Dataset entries
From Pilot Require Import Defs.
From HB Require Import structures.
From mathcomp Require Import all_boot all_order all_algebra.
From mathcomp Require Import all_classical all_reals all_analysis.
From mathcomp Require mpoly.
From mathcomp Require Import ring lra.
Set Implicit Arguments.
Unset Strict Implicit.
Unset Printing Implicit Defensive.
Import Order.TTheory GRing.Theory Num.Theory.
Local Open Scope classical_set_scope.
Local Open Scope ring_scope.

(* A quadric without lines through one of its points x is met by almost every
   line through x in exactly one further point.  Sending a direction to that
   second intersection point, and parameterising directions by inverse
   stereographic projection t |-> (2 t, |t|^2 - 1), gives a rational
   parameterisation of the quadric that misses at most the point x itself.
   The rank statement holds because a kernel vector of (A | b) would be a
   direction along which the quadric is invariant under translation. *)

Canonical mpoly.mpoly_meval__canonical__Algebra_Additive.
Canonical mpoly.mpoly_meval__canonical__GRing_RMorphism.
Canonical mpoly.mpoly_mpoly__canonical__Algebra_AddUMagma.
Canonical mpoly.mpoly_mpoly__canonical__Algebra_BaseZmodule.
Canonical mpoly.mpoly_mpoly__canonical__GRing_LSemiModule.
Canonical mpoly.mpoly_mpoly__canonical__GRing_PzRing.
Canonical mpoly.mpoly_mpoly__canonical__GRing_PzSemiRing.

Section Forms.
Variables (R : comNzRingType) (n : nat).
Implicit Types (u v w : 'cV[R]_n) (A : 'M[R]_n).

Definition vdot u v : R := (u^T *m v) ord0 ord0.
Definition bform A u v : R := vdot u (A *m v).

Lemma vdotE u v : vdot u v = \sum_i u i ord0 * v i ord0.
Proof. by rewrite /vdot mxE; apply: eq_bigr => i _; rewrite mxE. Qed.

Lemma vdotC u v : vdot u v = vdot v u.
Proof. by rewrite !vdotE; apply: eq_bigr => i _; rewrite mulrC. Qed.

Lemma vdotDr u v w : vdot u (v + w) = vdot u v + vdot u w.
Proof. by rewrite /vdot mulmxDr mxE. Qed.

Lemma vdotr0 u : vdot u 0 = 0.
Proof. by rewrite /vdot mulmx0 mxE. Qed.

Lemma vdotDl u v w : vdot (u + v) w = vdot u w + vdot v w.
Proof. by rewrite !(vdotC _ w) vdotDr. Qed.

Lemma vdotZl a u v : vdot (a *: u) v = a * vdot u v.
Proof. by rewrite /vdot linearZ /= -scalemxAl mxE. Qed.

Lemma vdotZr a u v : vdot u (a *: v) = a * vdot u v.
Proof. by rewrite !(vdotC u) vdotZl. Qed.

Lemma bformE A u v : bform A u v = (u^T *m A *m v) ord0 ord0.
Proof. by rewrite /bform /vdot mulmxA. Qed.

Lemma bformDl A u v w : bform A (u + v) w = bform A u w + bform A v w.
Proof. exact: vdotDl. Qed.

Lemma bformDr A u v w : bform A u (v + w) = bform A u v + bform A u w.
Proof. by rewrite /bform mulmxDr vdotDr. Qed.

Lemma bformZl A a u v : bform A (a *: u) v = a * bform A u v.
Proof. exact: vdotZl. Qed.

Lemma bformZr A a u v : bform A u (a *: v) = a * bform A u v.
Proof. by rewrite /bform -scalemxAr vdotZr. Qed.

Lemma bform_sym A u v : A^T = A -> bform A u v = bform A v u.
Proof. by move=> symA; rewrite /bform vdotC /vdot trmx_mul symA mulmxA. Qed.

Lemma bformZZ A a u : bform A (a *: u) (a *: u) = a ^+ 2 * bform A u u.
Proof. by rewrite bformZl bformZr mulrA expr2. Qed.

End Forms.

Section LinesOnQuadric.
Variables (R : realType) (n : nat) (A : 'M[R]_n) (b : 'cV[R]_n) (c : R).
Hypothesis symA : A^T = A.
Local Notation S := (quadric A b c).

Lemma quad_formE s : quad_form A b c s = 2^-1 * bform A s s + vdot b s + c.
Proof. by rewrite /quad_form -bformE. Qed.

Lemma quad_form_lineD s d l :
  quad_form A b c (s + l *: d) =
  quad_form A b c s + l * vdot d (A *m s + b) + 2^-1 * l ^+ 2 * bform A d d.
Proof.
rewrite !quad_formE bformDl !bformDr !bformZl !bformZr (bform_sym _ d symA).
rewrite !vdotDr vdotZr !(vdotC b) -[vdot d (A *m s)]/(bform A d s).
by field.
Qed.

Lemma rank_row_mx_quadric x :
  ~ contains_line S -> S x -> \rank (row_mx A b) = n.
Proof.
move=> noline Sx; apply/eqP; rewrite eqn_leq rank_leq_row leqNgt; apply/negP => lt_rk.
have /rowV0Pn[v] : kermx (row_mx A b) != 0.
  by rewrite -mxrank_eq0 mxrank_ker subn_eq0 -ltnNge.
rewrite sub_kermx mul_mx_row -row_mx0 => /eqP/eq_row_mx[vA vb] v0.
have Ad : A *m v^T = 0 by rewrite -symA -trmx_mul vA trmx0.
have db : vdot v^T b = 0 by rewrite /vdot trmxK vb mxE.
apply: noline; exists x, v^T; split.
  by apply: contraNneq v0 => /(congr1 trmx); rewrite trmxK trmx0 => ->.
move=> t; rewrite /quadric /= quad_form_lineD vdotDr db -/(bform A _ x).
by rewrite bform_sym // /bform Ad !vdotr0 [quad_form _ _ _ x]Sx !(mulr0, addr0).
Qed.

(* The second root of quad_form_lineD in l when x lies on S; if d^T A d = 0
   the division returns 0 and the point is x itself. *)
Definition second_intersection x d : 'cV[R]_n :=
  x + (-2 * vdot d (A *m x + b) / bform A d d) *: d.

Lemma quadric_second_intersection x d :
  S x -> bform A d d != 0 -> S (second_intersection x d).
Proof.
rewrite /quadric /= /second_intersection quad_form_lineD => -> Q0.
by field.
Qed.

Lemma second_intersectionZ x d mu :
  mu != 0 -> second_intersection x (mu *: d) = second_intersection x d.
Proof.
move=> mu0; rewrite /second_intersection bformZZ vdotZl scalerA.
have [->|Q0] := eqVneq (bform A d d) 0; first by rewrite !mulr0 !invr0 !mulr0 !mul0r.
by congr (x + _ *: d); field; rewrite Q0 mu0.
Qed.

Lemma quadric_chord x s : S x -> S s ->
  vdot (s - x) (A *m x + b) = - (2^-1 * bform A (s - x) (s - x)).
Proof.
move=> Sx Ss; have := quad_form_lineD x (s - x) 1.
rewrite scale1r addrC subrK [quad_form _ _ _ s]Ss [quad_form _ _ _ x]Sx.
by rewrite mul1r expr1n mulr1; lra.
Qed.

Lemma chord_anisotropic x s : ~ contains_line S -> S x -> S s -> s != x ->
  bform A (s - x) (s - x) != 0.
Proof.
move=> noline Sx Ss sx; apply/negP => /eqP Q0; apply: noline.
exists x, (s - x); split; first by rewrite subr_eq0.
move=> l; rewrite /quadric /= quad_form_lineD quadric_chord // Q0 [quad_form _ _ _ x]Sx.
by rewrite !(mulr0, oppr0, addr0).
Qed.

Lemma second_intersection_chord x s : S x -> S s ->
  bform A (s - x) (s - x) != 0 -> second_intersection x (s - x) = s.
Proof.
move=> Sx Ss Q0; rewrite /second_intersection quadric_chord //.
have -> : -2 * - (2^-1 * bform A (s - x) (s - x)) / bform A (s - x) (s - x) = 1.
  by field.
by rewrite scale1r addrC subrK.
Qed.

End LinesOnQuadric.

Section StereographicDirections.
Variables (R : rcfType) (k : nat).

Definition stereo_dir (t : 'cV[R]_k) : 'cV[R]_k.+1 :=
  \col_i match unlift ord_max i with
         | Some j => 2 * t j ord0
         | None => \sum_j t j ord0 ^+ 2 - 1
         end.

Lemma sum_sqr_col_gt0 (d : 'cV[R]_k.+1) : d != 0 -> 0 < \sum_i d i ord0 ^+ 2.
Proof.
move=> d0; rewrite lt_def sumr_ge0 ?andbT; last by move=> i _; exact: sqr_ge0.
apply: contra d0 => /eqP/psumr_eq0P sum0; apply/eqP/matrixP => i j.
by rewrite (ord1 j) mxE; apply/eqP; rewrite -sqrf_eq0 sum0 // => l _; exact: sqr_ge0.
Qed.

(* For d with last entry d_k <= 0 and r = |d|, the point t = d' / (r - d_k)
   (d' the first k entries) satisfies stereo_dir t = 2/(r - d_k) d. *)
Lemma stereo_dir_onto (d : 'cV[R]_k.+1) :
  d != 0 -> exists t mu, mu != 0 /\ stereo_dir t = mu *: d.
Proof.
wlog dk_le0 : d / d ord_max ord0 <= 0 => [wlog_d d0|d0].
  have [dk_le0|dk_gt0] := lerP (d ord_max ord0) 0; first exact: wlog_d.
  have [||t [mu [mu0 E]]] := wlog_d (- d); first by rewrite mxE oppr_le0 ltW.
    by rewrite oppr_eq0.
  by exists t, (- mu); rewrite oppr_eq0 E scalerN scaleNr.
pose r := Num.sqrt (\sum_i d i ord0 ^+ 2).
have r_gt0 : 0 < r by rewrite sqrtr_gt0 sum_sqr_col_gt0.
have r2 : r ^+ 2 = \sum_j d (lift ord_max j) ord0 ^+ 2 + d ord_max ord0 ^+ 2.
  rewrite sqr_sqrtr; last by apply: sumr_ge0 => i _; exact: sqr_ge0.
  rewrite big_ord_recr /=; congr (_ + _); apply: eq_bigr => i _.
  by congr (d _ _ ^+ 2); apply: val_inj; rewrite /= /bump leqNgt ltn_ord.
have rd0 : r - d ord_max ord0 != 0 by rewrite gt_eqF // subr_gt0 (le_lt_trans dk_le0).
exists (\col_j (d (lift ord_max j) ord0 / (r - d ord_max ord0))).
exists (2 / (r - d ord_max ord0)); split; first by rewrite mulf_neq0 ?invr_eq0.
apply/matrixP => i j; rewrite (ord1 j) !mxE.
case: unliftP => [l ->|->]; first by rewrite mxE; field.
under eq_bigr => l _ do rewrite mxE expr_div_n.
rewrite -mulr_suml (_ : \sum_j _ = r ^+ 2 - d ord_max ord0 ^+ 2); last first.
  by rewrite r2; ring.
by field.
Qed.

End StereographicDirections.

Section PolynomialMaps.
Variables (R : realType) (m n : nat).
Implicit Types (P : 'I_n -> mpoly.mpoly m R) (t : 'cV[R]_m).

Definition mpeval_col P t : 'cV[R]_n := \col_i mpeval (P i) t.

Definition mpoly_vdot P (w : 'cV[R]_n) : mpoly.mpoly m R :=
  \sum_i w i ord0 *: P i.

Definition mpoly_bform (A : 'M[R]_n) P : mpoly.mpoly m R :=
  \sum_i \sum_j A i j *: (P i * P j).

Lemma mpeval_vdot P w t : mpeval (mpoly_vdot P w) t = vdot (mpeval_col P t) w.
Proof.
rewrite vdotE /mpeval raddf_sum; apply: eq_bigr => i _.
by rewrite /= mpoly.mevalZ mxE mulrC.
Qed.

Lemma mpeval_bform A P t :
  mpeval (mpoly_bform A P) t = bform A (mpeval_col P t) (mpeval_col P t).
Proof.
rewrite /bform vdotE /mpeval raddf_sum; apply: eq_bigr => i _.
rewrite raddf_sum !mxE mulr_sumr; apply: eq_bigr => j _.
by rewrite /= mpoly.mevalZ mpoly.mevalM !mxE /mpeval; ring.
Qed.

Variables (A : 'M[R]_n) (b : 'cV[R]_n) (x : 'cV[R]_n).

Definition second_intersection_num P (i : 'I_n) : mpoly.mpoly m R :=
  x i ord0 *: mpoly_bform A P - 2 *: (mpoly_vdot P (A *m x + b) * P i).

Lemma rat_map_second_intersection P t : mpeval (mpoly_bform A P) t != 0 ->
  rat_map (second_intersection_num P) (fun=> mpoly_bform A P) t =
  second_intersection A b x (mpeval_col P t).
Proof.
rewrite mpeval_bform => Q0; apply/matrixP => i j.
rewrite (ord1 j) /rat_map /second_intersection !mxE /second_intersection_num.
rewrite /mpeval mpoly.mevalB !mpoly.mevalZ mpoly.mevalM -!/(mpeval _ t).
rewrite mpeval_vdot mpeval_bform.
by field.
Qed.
--
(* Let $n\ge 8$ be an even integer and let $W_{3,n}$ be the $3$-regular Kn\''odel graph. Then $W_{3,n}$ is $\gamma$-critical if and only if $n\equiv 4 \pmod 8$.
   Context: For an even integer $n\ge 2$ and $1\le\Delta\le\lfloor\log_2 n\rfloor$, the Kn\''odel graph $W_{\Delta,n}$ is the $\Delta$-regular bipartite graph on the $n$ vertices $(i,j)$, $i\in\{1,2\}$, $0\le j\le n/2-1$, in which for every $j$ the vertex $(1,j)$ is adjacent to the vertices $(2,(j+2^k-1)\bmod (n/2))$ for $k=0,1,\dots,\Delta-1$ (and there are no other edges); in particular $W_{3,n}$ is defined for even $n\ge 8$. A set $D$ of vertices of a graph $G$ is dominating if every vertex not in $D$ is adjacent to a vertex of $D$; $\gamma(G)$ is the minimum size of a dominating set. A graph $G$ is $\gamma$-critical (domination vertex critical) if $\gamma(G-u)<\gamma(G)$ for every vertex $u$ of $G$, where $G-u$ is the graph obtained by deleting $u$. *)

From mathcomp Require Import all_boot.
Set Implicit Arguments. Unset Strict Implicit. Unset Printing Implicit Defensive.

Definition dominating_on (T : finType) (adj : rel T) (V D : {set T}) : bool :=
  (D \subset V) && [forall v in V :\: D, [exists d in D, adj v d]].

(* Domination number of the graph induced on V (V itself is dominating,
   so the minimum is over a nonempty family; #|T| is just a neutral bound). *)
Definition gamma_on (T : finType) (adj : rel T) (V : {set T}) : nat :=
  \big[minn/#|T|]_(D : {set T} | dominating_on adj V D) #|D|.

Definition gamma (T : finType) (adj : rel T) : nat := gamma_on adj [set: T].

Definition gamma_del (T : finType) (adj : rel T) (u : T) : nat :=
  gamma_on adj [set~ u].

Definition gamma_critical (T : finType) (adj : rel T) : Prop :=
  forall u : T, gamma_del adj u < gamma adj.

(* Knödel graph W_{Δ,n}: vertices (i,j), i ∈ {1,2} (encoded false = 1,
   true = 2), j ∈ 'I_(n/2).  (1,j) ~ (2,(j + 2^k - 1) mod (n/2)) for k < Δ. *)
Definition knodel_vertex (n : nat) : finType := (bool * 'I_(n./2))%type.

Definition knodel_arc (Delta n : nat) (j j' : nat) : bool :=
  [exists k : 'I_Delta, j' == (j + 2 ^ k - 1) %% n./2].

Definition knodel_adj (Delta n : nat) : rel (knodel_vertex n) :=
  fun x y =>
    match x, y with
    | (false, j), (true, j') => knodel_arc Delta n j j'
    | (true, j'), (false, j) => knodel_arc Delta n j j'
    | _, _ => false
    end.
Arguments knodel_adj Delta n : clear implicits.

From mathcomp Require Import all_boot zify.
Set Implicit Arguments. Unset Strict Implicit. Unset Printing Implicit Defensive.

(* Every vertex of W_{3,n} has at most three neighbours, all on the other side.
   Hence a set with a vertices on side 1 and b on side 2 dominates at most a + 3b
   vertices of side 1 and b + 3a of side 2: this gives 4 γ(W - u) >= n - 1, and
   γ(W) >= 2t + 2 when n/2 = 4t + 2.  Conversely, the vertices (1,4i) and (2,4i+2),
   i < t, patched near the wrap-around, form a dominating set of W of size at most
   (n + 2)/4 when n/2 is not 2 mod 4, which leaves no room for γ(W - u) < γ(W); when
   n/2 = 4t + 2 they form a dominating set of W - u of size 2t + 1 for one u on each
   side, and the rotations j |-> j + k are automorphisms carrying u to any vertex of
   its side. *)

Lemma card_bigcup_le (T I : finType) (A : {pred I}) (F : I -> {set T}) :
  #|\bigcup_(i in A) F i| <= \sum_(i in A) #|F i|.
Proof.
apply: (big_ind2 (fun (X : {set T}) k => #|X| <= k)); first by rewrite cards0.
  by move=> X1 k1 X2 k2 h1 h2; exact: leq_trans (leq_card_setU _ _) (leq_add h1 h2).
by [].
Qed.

» WORK INSTRUCTIONS
From the data above, copy each line with the string "bformZr" in it.

» SOLUTION FOR THIS TASK
Lemma bformZr A a u v : bform A u (a *: v) = a * bform A u v.
Proof. by rewrite bformZl bformZr mulrA expr2. Qed.
rewrite !quad_formE bformDl !bformDr !bformZl !bformZr (bform_sym _ d symA).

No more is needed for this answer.